:: AIM OF THE EXERCISE ::
From the data below, please reproduce exactly everything from the line that contains "apply: sort_ge_perm_sorted; last" down to the line that contains "(forall r : 'I_k", with both ends included.

:: DATA LISTING ::
+++
Theorem mainTheorem3 :
  exists A : R -> 'M[R]_2,
    (forall i j : 'I_2, continuity (fun t => A t i j)) /\
    (forall t : R, A (t + 2)%R = A t) /\
    (forall t : R, offdiag_pos (A t)) /\
    (forall t : R, principal_eigenvalue (A t) (- (1/2))%R) /\
    forall a : R -> R,
      continuous_on_nonneg a ->
      (forall t : R, (0 <= t)%R -> (0 < a t < 1/4)%R) ->
      let Ahat := fun t => (A t + (a t)%:M)%R in
      (forall t : R, (0 <= t)%R ->
         offdiag_pos (Ahat t) /\
         principal_eigenvalue (Ahat t) (- (1/2) + a t)%R /\
         (- (1/2) + a t < - (1/4))%R) /\
      exists v : R -> 'cV[R]_2,
        solves_on_nonneg Ahat v /\
        cv_infty (fun k : nat => norm2 (v (2 * INR k)%R)).
Proof.
have half_mcE : (- (1/2))%R = - (1/2) :> R by rewrite -R1E natrE.
exists Amat; split; first exact: Amat_continuous.
split; first by move=> t; rewrite natrE; exact: Amat_periodic.
split; first exact: Amat_offdiag_pos.
split; first by move=> t; rewrite half_mcE; exact: Amat_principal_eigenvalue.
move=> a a_cont a_bd Ahat.
have a_range t : 0 <= t -> 0 < a t < 1/4.
  by move=> /RleP /a_bd /andP [/RltP + /RltP]; rewrite natrE /=; Rstd; lra.
split.
  move=> t /RleP t_ge0; split; [|split].
  - exact/offdiag_pos_add_scalar/Amat_offdiag_pos.
  - rewrite half_mcE; exact/principal_eigenvalue_add_scalar/Amat_principal_eigenvalue.
  - by apply/RltP; rewrite !natrE /=; Rstd; have := a_range t t_ge0; lra.
exists (fun t => exp (prim a t) *: wsol t)%R; split.
  apply: solves_on_nonneg_at => t t_ge0.
  by apply: solves_at_add_scalar; [exact: wsol_solves | exact: is_derive_prim].
apply: cv_infty_norm2_scaled_wsol => t t_ge0.
by apply: prim_ge0 => // s /a_range [] /Rlt_le.
Qed.
Lemma nonincreasing_powsum_inj (r r' : 'I_k -> R) :
  (forall i j : 'I_k, (i <= j)%N -> r j <= r i) ->
  (forall i j : 'I_k, (i <= j)%N -> r' j <= r' i) ->
  (forall tau, (1 <= tau <= k)%N -> powsum r tau = powsum r' tau) ->
  r = r'.
Proof.
move=> r_noninc r'_noninc /eq_rootpoly_powsum.
rewrite !rootpolyE => /prod_XsubC_eq.
exact: eq_nonincreasing_perm.
Qed.

Lemma char_poly_mi_matrixA_complex (r : 'I_k -> R) :
  char_poly (map_mx (real_complex R) (mi_matrixA (powsum r) k))
    = \prod_(x <- map (fun i => (r i)%:C%C) (enum 'I_k)) ('X - x%:P).
Proof.
rewrite -map_char_poly char_poly_mi_matrixA rmorph_prod big_map big_enum /=.
by apply: eq_bigr => i _; rewrite map_polyXsubC.
Qed.

Lemma jth_largest_mod_eigenvalues (r : 'I_k -> R) :
  (forall i j : 'I_k, (i <= j)%N -> r j <= r i) -> (forall i, 0 <= r i) ->
  forall s : seq R[i],
    char_poly (map_mx (real_complex R) (mi_matrixA (powsum r) k))
      = \prod_(z <- s) ('X - z%:P) ->
    forall j : 'I_k, jth_largest_mod s j = (r j)%:C%C.
Proof.
move=> r_noninc r_ge0 s charE j.
set L := map (fun i => (r i)%:C%C) (enum 'I_k).
have perm_Ls : perm_eq L s.
  by apply: prod_XsubC_eq; rewrite -charE char_poly_mi_matrixA_complex.
have normL : map (fun z => `|z|) L = L.
  rewrite -map_comp; apply: eq_map => i /=.
  by rewrite ger0_norm // -(rmorph0 (real_complex R)) lecR.
have sortE : sort >=%O (map (fun z => `|z|) s) = L.
  apply: sort_ge_perm_sorted; last by rewrite -normL perm_map.
    move=> _ _ /mapP[a _ ->] /mapP[b _ ->].
    by rewrite /Order.comparable !lecR le_total.
  by apply: sorted_ge_map_enum => a b /r_noninc; rewrite lecR.
by rewrite /jth_largest_mod sortE nth_map_enum_ord.
Qed.

End PowerSumInverse.

Theorem proposition2 (R : rcfType) (k : nat) :
  (* (1) uniqueness: r_{1:k} (sorted, nonnegative) is determined by R_{1:k} *)
  (forall r r' : 'I_k -> R,
      (forall i j : 'I_k, (i <= j)%N -> r j <= r i) -> (forall i, 0 <= r i) ->
      (forall i j : 'I_k, (i <= j)%N -> r' j <= r' i) -> (forall i, 0 <= r' i) ->
      (forall tau, (1 <= tau <= k)%N -> powsum r tau = powsum r' tau) ->
      r = r')
  /\
  (* (1) explicit inverse: r_j is the j-th largest eigenvalue modulus of A *)
  (forall r : 'I_k -> R,
      (forall i j : 'I_k, (i <= j)%N -> r j <= r i) -> (forall i, 0 <= r i) ->
      forall s : seq R[i],
        char_poly (map_mx (fun x : R => (x%:C)%C) (@mi_matrixA R (powsum r) k))
          = \prod_(z <- s) ('X - z%:P) ->
        forall j : 'I_k, jth_largest_mod s j = ((r j)%:C)%C)
  /\
  (* (2) M2 is invertible, with inverse given by the explicit formula *)
  (forall Rs : nat -> R,
      forall tau, (1 <= tau <= k)%N -> M2inv (M2 Rs) tau = Rs tau)
  /\
  (forall t : nat -> R,
      forall tau, (1 <= tau <= k)%N -> M2 (M2inv t) tau = t tau).
Proof.
split.
  by move=> r r' r_noninc _ r'_noninc _; exact: nonincreasing_powsum_inj.
split; first exact: jth_largest_mod_eigenvalues.
by split=> [Rs | t] tau /andP[tau_gt0 _]; [exact: M2invK | exact: M2K].
Qed.
(* Let $B\in\mathbb R^{n\times m}$, $f:\mathbb R^m\to\mathbb R$, $h:\mathbb R^n\to\mathbb R$ differentiable, and $T_{\mathcal U},\mathcal I_{\mathcal V}$ ($m\times m$), $T_{\mathcal P},\mathcal I_{\mathcal Q}$ ($n\times n$) symmetric positive definite. Let $f_B(u)=f(u)+\frac12(B^\top T_{\mathcal P}^{-1}Bu,u)$, $h_B(p)=h(p)+\frac12(BT_{\mathcal U}^{-1}B^\top p,p)$, $e_{\mathcal U}(u)=u-T_{\mathcal U}^{-1}\nabla f(u)$, $e_{\mathcal P}(p)=p-T_{\mathcal P}^{-1}\nabla h(p)$, and $$\mathcal G^u(u,p)=-\mathcal I_{\mathcal V}^{-1}\big(\nabla f_B(u)+B^\top(p-T_{\mathcal P}^{-1}\nabla h(p))\big),\qquad \mathcal G^p(u,p)=-\mathcal I_{\mathcal Q}^{-1}\big(\nabla h_B(p)-B(u-T_{\mathcal U}^{-1}\nabla f(u))\big).$$ Assume $\nabla f_B$ and $\nabla h_B$ are Lipschitz with constants $L_{f_B,\mathcal I_{\mathcal V}}$, $L_{h_B,\mathcal I_{\mathcal Q}}$ (i.e. $\|\nabla f_B(u_1)-\nabla f_B(u_2)\|_{\mathcal I_{\mathcal V}^{-1}}\le L_{f_B,\mathcal I_{\mathcal V}}\|u_1-u_2\|_{\mathcal I_{\mathcal V}}$ and $\|\nabla h_B(p_1)-\nabla h_B(p_2)\|_{\mathcal I_{\mathcal Q}^{-1}}\le L_{h_B,\mathcal I_{\mathcal Q}}\|p_1-p_2\|_{\mathcal I_{\mathcal Q}}$), and let $L_{e_{\mathcal U},\mathcal I_{\mathcal V}}$, $L_{e_{\mathcal P},\mathcal I_{\mathcal Q}}$ be the Lipschitz constants of $e_{\mathcal U}$ in $\|\cdot\|_{\mathcal I_{\mathcal V}}$ and of $e_{\mathcal P}$ in $\|\cdot\|_{\mathcal I_{\mathcal Q}}$. Then for all $u_1,u_2\in\mathbb R^m$, $p_1,p_2\in\mathbb R^n$, $$\|\mathcal G^u(u_1,p_1)-\mathcal G^u(u_2,p_2)\|_{\mathcal I_{\mathcal V}}\le L_{f_B,\mathcal I_{\mathcal V}}\|u_1-u_2\|_{\mathcal I_{\mathcal V}}+L_SL_{e_{\mathcal P},\mathcal I_{\mathcal Q}}\|p_1-p_2\|_{\mathcal I_{\mathcal Q}},$$ $$\|\mathcal G^p(u_1,p_1)-\mathcal G^p(u_2,p_2)\|_{\mathcal I_{\mathcal Q}}\le L_{h_B,\mathcal I_{\mathcal Q}}\|p_1-p_2\|_{\mathcal I_{\mathcal Q}}+L_SL_{e_{\mathcal U},\mathcal I_{\mathcal V}}\|u_1-u_2\|_{\mathcal I_{\mathcal V}},$$ where $L_S^2=\lambda_{\max}(\mathcal I_{\mathcal Q}^{-1}B\mathcal I_{\mathcal V}^{-1}B^\top)$.
   Context: For SPD $M$, $\|x\|_M=(Mx,x)^{1/2}$. *)

From HB Require Import structures.
From mathcomp Require Import all_boot all_order all_algebra.
From mathcomp Require Import all_classical all_reals all_analysis.
Set Implicit Arguments. Unset Strict Implicit. Unset Printing Implicit Defensive.
Import Order.TTheory GRing.Theory Num.Theory.
Import numFieldNormedType.Exports.
Local Open Scope ring_scope.
Lemma near_gap_le e : 0 < e -> \forall k \near \oo, gap k <= e.
Proof.
move=> e_gt0; apply: (near_le_of_scaled_bound (C := energy 1) tau_cvgy e_gt0).
near=> k; have k1 : (1 <= k)%N by near: k; exact: nbhs_infty_ge.
by have [] := energy_bounds k1.
Unshelve. all: by end_near.
Qed.

Lemma near_dres_le e : 0 < e -> \forall k \near \oo, sqn (dres k) <= e.
Proof.
move=> e_gt0; have [C C_ge] := tau_dres_bounded.
have tau_succ : (fun k => tau k.+1) @ \oo --> +oo.
  by have := tau_cvgy; rewrite -cvg_shiftS.
apply: (near_le_of_scaled_bound tau_succ e_gt0).
by near=> k; apply: C_ge; near: k; exact: nbhs_infty_ge.
Unshelve. all: by end_near.
Qed.

Lemma near_Fpen_le e : 0 < e -> \forall k \near \oo, Fpen (x k) <= Fpen xo + e.
Proof.
move=> e_gt0; have e2_gt0 : 0 < e / 2 by rewrite divr_gt0.
have thr_gt0 : 0 < (e / 2) ^+ 2 / (sqn lo + 1).
  by rewrite divr_gt0 ?exprn_gt0 ?ltr_wpDl ?sqn_ge0.
near=> k.
have feas : sqn (A *m x k - b) <= (e / 2) ^+ 2 / (sqn lo + 1) by near: k; exact: near_residual_le.
have gap_le : gap k <= e / 2 by near: k; exact: near_gap_le.
have := lerNnormlW (normr_dotv_le (sqn_ge0 lo) e2_gt0 (lexx _) feas).
by rewrite /gap in gap_le; lra.
Unshelve. all: by end_near.
Qed.

Lemma near_lagrangian_hat_ge z e : 0 < e ->
  \forall k \near \oo, Fpen xo - e <= Fpen z + dotv (lhat k.+1) (A *m z - b).
Proof.
move=> e_gt0; pose e3 := e / 3; have e3_gt0 : 0 < e3 by rewrite divr_gt0.
have [B x_le] := x_bounded.
pose Bz := sqn (z - xo) + B.
have Bz_ge0 : 0 <= Bz by rewrite addr_ge0 ?sqn_ge0 // (le_trans (sqn_ge0 _) (x_le 0%N)).
pose Bl := 2 * delta * energy 1.
have Bl_ge0 : 0 <= Bl by have [_ _ /(le_trans (sqn_ge0 _))] := energy_bounds (isT : (1 <= 1)%N).
have ge3_gt0 : 0 < gamma * e3 by rewrite mulr_gt0.
have th1 : 0 < e3 ^+ 2 / (Bl + 1) by rewrite divr_gt0 ?exprn_gt0 ?ltr_wpDl.
have th2 : 0 < (gamma * e3) ^+ 2 / (4 * Bz + 1).
  by rewrite divr_gt0 ?exprn_gt0 ?ltr_wpDl ?mulr_ge0.
have th3 : 0 < 2 * gamma * e3 by rewrite !mulr_gt0.
near=> k.
have k1 : (1 <= k)%N by near: k; exact: nbhs_infty_ge.
have feas : sqn (A *m x k.+1 - b) <= e3 ^+ 2 / (Bl + 1).
  near: k; apply: (near_infty_succ (P := fun j => sqn (A *m x j - b) <= _)).
  exact: near_residual_le.
have d_small : sqn (dres k) <= (gamma * e3) ^+ 2 / (4 * Bz + 1) by near: k; exact: near_dres_le.
have d_sq : sqn (dres k) <= 2 * gamma * e3 by near: k; exact: near_dres_le.
have [_ _ lhat_le] := energy_bounds (isT : (1 <= k.+1)%N).
have mult := lerNnormlW (normr_dotv_le Bl_ge0 e3_gt0 lhat_le feas).
have zx : sqn (z - x k.+1) <= 4 * Bz.
  have B_ge0 : 0 <= B := le_trans (sqn_ge0 _) (x_le 0%N).
  apply: (sqnB_le_center (w := xo)); rewrite /Bz.
    by have := sqn_ge0 (z - xo); lra.
  by have := x_le k.+1; have := sqn_ge0 (z - xo); lra.
have prox : gamma^-1 * dotv (dres k) (z - x k.+1) <= e3.
  have g_inv : 0 <= gamma^-1 by rewrite invr_ge0 ltW.
  have := normr_dotv_le (mulr_ge0 (ler0n _ 4) Bz_ge0) ge3_gt0 zx d_small.
  rewrite dotvC => /(le_trans (ler_norm _)) /(ler_wpM2l g_inv).
  by rewrite mulKf ?lt0r_neq0.
have sq : 1 / (2 * gamma) * sqn (dres k) <= e3.
  by rewrite mul1r ler_pdivrMl ?mulr_gt0.
have A_zx : A *m (z - x k.+1) = (A *m z - b) - (A *m x k.+1 - b).
  by rewrite mulmxBr; apply/matrixP => i j; rewrite !mxE; ring.
have := subgrad k1 z; rewrite dotvDl dotvZl -(dotv_mulmx A) A_zx dotvBr.
have : 3 * e3 = e by rewrite /e3; field.
have := gap_ge0 k.+1; rewrite /gap; rewrite dotvBl in mult; lra.
Unshelve. all: by end_near.
Qed.

Lemma near_lagrangian_ge z e : 0 < e ->
  \forall k \near \oo, Fpen xo - e <= Fpen z + dotv (lam k) (A *m z - b).
Proof.
move=> e_gt0; have e2_gt0 : 0 < e / 2 by rewrite divr_gt0.
have -> : e = 2 * (e / 2) by field.
apply: (averaging_lower_bound (c := fun k => Fpen z + dotv (lhat k) (A *m z - b))
  e2_gt0 tau_cvgy).
near=> k; have k1 : (1 <= k)%N by near: k; exact: nbhs_infty_ge.
split; [exact: tau_ge1 | exact: tau_step | | by near: k; exact: near_lagrangian_hat_ge].
by rewrite /lhat /= dotvDl dotvZl dotvBl; ring.
Unshelve. all: by end_near.
Qed.

Section ClusterPoint.
Variables (xs : 'cV[R]_n) (ls : 'cV[R]_m).
Hypothesis xs_ls_cluster : cluster ((fun k => (x k, lam k)) @ \oo) (xs, ls).

Lemma cvg_residual_at_cluster :
  sqn (A *m q.1 - b) @[q --> (xs, ls)] --> sqn (A *m xs - b).
Proof. by apply: cvg_sqn_affine => j; exact: cvg_fst_entries. Qed.

Lemma cluster_feasible : A *m xs = b.
Proof.
have := cluster_ge (h := fun q => - sqn (A *m q.1 - b)) (c := 0) xs_ls_cluster.
move=> /(_ (cvgN cvg_residual_at_cluster)) /=.
have near_res e : 0 < e -> \forall k \near \oo, 0 - e <= - sqn (A *m x k - b).
  by move=> e_gt0; apply: filterS (near_residual_le e_gt0) => k; lra.
move=> /(_ near_res); rewrite oppr_ge0 => res_le0.
have /sqn_eq0/eqP : sqn (A *m xs - b) = 0 by apply/eqP; rewrite eq_le res_le0 sqn_ge0.
by rewrite subr_eq0 => /eqP.
Qed.

Lemma cluster_Fpen_le : Fpen xs <= Fpen xo.
Proof.
have := cluster_ge (h := fun q => - Fpen q.1) (c := - Fpen xo) xs_ls_cluster.
have f_cont : f q.1 @[q --> (xs, ls)] --> f xs.
  have fst_cvg : (fun q : 'cV[R]_n * 'cV[R]_m => q.1) @ (xs, ls) --> xs by exact: cvg_fst.
  exact: (cvg_comp _ _ fst_cvg (differentiable_continuous (f_C1.1 xs).1)).
have Fpen_cont : Fpen q.1 @[q --> (xs, ls)] --> Fpen xs.
  by apply: cvgD f_cont _; apply: cvgMl_tmp; exact: cvg_residual_at_cluster.
move=> /(_ (cvgN Fpen_cont)) /=.
have near_F e : 0 < e -> \forall k \near \oo, - Fpen xo - e <= - Fpen (x k).
  by move=> e_gt0; apply: filterS (near_Fpen_le e_gt0) => k; lra.
by move=> /(_ near_F); rewrite lerN2.
Qed.

Lemma cluster_lagrangian_ge z : Fpen xo <= Fpen z + dotv ls (A *m z - b).
Proof.
have := cluster_ge (h := fun q => Fpen z + dotv q.2 (A *m z - b)) (c := Fpen xo)
  xs_ls_cluster.
apply; last by move=> e /near_lagrangian_ge.
apply: cvgD; first exact: cvg_cst.
by apply: cvg_dotv_entries => i; [exact: cvg_snd_entries | exact: cvg_cst].
Qed.

Lemma cluster_KKT : KKT_set grad A b xs ls.
Proof.
have Axs := cluster_feasible; split => //.
apply: (lagrangian_min_grad f_C1 beta_ge0 Axs) => z.
have := cluster_lagrangian_ge z; have := cluster_Fpen_le.
by rewrite /Fpen Axs subrr sqn0 mulr0 addr0; lra.
Qed.

End ClusterPoint.

End Energy.

End Algorithm.

Unset Implicit Arguments.

Theorem lemma4p1 (R : realType) (n m : nat)
  (f : 'cV[R]_n -> R) (grad : 'cV[R]_n -> 'cV[R]_n)
  (A : 'M[R]_(m, n)) (b : 'cV[R]_m)
  (t : nat -> R) (rho eta gamma delta beta : R)
  (x : nat -> 'cV[R]_n) (lam : nat -> 'cV[R]_m) :
  convex_fun f ->
  C1_with_gradient f grad ->
  (exists xs ls, KKT_set grad A b xs ls) ->
  0 < rho <= 1 ->
  param_seq t rho ->
  rho <= eta <= 1 -> 0 < gamma -> 0 < delta -> 0 <= beta ->
  x 0%N = x 1%N -> lam 0%N = lam 1%N ->
  ((* Case I *)
   (forall k, (1 <= k)%N -> forall z,
      obj1 A b t eta x lam f beta gamma delta k (x k.+1)
      <= obj1 A b t eta x lam f beta gamma delta k z)
   \/
   (* Case II *)
   (exists L : R, 0 < L /\
      (forall y z, enorm (grad y - grad z) <= L * enorm (y - z)) /\
      gamma <= 1 / L /\
      (forall k, (1 <= k)%N -> forall z,
        obj2 A b t eta x lam grad beta gamma delta k (x k.+1)
        <= obj2 A b t eta x lam grad beta gamma delta k z))) ->
  (forall k, (1 <= k)%N ->
     lam k.+1 = lbar t lam k
                + delta *: (cc t eta k *: (A *m x k.+1) - rk A b t eta x k)) ->
  forall (xs : 'cV[R]_n) (ls : 'cV[R]_m),
    cluster ((fun k => (x k, lam k)) @ \oo) (xs, ls) ->
    KKT_set grad A b xs ls.
Proof.
move=> f_cvx f_C1 [xo [lo kkt]] rho_range t_param eta_range gamma_gt0 delta_gt0 beta_ge0.
move=> x_init lam_init cases lam_update xs ls xs_ls_cluster.
have subgrad : forall k, (1 <= k)%N -> approx_subgrad_ineq f A b t eta gamma beta x lam k.
  case: cases => x_opt.
  - exact: (approx_subgrad_case1 f_cvx f_C1 rho_range t_param eta_range gamma_gt0
      delta_gt0 beta_ge0 lam_update x_opt).
  - exact: (approx_subgrad_case2 f_cvx f_C1 rho_range t_param eta_range gamma_gt0
      beta_ge0 lam_update x_opt).
exact: (cluster_KKT f_cvx f_C1 rho_range t_param eta_range gamma_gt0 delta_gt0 beta_ge0
  x_init lam_init lam_update kkt subgrad xs_ls_cluster).
Qed.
+++
:: SOLUTION TO THIS TASK ::
  apply: sort_ge_perm_sorted; last by rewrite -normL perm_map.
    move=> _ _ /mapP[a _ ->] /mapP[b _ ->].
    by rewrite /Order.comparable !lecR le_total.
  by apply: sorted_ge_map_enum => a b /r_noninc; rewrite lecR.
by rewrite /jth_largest_mod sortE nth_map_enum_ord.
Qed.

End PowerSumInverse.

Theorem proposition2 (R : rcfType) (k : nat) :
  (* (1) uniqueness: r_{1:k} (sorted, nonnegative) is determined by R_{1:k} *)
  (forall r r' : 'I_k -> R,
      (forall i j : 'I_k, (i <= j)%N -> r j <= r i) -> (forall i, 0 <= r i) ->
      (forall i j : 'I_k, (i <= j)%N -> r' j <= r' i) -> (forall i, 0 <= r' i) ->
      (forall tau, (1 <= tau <= k)%N -> powsum r tau = powsum r' tau) ->
      r = r')
  /\
  (* (1) explicit inverse: r_j is the j-th largest eigenvalue modulus of A *)
  (forall r : 'I_k -> R,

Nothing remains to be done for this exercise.